# WORK TO COMPLETE
How many lines of the records below contain the word "Section"? Answer with the number alone.

*** PROVIDED ENTRIES

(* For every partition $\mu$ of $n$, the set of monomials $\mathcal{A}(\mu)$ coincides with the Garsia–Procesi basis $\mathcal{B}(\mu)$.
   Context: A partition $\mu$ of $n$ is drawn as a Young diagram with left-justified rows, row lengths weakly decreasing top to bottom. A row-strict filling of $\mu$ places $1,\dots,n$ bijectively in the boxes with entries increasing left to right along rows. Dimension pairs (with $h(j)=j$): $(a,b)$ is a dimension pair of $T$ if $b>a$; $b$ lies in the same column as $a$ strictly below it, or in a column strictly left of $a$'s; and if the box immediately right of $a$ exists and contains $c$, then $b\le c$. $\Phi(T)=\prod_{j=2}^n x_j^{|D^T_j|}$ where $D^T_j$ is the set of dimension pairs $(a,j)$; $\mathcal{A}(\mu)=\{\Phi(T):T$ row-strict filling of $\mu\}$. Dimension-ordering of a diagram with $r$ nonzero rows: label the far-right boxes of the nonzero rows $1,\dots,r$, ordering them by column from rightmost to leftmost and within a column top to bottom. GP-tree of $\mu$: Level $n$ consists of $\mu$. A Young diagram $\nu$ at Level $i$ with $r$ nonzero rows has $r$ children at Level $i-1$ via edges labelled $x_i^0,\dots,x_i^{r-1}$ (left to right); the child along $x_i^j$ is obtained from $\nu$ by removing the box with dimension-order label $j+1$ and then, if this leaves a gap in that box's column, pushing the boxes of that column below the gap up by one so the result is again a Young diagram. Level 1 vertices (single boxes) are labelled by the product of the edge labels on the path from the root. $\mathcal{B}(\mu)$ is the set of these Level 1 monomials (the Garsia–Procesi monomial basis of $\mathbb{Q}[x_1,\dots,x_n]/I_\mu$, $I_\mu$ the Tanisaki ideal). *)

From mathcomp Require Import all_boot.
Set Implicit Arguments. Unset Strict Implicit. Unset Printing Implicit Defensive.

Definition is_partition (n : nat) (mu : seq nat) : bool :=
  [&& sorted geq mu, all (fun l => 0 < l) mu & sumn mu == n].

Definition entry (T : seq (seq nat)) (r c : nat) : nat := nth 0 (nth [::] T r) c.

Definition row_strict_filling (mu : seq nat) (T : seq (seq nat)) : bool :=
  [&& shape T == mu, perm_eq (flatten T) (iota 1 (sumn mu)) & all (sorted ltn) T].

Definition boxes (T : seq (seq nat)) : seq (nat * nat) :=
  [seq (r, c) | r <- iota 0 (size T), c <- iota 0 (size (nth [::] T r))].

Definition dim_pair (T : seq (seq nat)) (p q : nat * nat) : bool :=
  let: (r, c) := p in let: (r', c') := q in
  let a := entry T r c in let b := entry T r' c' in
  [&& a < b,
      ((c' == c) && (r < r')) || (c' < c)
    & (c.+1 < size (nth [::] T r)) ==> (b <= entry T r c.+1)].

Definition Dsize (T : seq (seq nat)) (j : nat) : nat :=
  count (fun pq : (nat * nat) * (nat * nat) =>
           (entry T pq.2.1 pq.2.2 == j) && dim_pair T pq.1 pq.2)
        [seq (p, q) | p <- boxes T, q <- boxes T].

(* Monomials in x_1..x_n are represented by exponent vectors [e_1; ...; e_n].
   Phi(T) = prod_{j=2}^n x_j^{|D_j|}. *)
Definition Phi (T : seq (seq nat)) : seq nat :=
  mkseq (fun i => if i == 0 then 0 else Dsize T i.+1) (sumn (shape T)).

******
*** PROVIDED ENTRIES

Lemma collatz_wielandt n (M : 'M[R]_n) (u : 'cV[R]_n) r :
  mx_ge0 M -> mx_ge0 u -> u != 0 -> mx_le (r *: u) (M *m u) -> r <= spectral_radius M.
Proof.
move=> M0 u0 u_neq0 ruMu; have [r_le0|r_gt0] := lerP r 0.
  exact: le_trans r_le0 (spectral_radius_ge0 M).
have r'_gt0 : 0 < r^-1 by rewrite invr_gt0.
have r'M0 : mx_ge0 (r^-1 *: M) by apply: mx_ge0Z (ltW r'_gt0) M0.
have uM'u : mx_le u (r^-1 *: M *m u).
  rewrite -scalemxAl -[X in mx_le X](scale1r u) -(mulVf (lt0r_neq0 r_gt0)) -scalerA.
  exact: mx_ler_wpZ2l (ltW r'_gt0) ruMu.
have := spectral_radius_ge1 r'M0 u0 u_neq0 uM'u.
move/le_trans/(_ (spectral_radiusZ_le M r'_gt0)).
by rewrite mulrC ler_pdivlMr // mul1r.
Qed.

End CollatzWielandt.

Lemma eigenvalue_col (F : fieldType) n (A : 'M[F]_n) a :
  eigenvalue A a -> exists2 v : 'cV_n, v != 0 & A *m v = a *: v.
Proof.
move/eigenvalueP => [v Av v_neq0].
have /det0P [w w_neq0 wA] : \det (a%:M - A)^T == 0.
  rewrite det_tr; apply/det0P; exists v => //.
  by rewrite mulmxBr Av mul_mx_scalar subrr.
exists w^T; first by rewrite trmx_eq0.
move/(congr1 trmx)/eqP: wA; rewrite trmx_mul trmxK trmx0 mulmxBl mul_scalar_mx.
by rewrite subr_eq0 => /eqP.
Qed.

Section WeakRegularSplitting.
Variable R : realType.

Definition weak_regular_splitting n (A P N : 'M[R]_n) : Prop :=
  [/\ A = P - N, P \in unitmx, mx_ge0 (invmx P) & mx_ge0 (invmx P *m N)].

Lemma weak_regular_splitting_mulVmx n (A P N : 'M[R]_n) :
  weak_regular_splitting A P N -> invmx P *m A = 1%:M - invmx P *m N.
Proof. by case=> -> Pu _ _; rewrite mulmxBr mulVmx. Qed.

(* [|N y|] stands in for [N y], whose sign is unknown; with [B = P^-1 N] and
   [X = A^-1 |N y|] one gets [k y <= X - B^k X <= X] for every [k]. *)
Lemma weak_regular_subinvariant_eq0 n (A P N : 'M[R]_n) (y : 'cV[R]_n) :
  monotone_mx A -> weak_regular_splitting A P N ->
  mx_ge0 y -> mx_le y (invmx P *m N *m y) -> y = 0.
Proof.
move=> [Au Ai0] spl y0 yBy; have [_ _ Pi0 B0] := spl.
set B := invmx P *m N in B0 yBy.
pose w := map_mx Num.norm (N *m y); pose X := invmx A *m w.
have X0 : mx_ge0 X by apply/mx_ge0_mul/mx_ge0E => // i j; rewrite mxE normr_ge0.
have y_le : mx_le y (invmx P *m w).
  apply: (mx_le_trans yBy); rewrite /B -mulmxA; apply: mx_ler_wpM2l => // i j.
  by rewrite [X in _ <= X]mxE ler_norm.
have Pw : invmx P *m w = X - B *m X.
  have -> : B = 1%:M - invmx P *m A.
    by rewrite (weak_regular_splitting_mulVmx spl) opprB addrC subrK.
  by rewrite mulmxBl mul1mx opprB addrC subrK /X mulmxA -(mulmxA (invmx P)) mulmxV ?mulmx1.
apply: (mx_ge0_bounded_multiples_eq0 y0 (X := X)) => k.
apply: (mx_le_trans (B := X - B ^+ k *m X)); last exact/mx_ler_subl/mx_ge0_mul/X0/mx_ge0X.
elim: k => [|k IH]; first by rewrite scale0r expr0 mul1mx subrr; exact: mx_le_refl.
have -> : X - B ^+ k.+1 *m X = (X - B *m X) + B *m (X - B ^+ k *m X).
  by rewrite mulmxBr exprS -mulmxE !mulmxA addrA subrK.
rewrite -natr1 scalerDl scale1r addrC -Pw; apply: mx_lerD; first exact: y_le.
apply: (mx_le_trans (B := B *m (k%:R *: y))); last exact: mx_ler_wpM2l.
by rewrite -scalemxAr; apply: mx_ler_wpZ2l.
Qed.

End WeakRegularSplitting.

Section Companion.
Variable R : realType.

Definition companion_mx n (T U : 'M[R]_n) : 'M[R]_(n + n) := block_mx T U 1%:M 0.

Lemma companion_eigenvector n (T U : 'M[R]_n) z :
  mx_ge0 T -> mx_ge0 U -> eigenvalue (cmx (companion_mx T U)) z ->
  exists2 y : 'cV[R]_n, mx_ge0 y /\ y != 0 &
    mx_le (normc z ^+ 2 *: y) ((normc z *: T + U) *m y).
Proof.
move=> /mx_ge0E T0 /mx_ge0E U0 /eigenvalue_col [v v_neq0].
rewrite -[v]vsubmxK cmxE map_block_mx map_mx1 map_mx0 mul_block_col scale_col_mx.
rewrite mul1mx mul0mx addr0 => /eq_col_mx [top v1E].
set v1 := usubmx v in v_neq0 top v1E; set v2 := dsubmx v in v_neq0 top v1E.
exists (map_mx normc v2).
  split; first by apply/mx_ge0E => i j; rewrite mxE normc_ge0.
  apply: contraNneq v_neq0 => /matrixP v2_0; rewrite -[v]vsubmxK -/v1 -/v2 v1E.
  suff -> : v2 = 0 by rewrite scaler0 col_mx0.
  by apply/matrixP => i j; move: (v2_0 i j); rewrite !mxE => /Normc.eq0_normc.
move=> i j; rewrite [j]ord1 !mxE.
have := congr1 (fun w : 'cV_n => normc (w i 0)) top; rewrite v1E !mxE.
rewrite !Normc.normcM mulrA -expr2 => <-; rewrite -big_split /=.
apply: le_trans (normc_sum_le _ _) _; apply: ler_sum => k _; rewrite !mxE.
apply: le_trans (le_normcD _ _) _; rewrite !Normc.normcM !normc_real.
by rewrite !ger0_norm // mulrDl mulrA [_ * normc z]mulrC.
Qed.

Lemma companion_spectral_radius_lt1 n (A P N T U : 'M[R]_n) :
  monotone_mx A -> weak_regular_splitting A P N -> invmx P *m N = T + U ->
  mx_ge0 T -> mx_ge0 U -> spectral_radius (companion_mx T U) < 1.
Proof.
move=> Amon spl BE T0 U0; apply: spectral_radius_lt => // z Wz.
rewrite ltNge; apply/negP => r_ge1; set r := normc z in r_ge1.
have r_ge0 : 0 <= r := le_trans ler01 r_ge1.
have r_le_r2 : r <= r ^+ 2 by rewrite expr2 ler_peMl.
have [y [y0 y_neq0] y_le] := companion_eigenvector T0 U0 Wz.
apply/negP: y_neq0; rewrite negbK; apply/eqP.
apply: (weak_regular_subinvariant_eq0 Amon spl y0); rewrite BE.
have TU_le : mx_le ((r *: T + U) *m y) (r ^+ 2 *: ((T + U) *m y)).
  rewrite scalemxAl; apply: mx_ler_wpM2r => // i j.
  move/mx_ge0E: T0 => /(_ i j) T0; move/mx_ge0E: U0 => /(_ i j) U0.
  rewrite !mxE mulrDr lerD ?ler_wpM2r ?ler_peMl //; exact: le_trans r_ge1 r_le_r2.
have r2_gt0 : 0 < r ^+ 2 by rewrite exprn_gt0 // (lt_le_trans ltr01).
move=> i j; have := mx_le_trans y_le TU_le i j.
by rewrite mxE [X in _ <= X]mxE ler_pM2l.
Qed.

******

# SOLUTION FOR THIS EXERCISE
2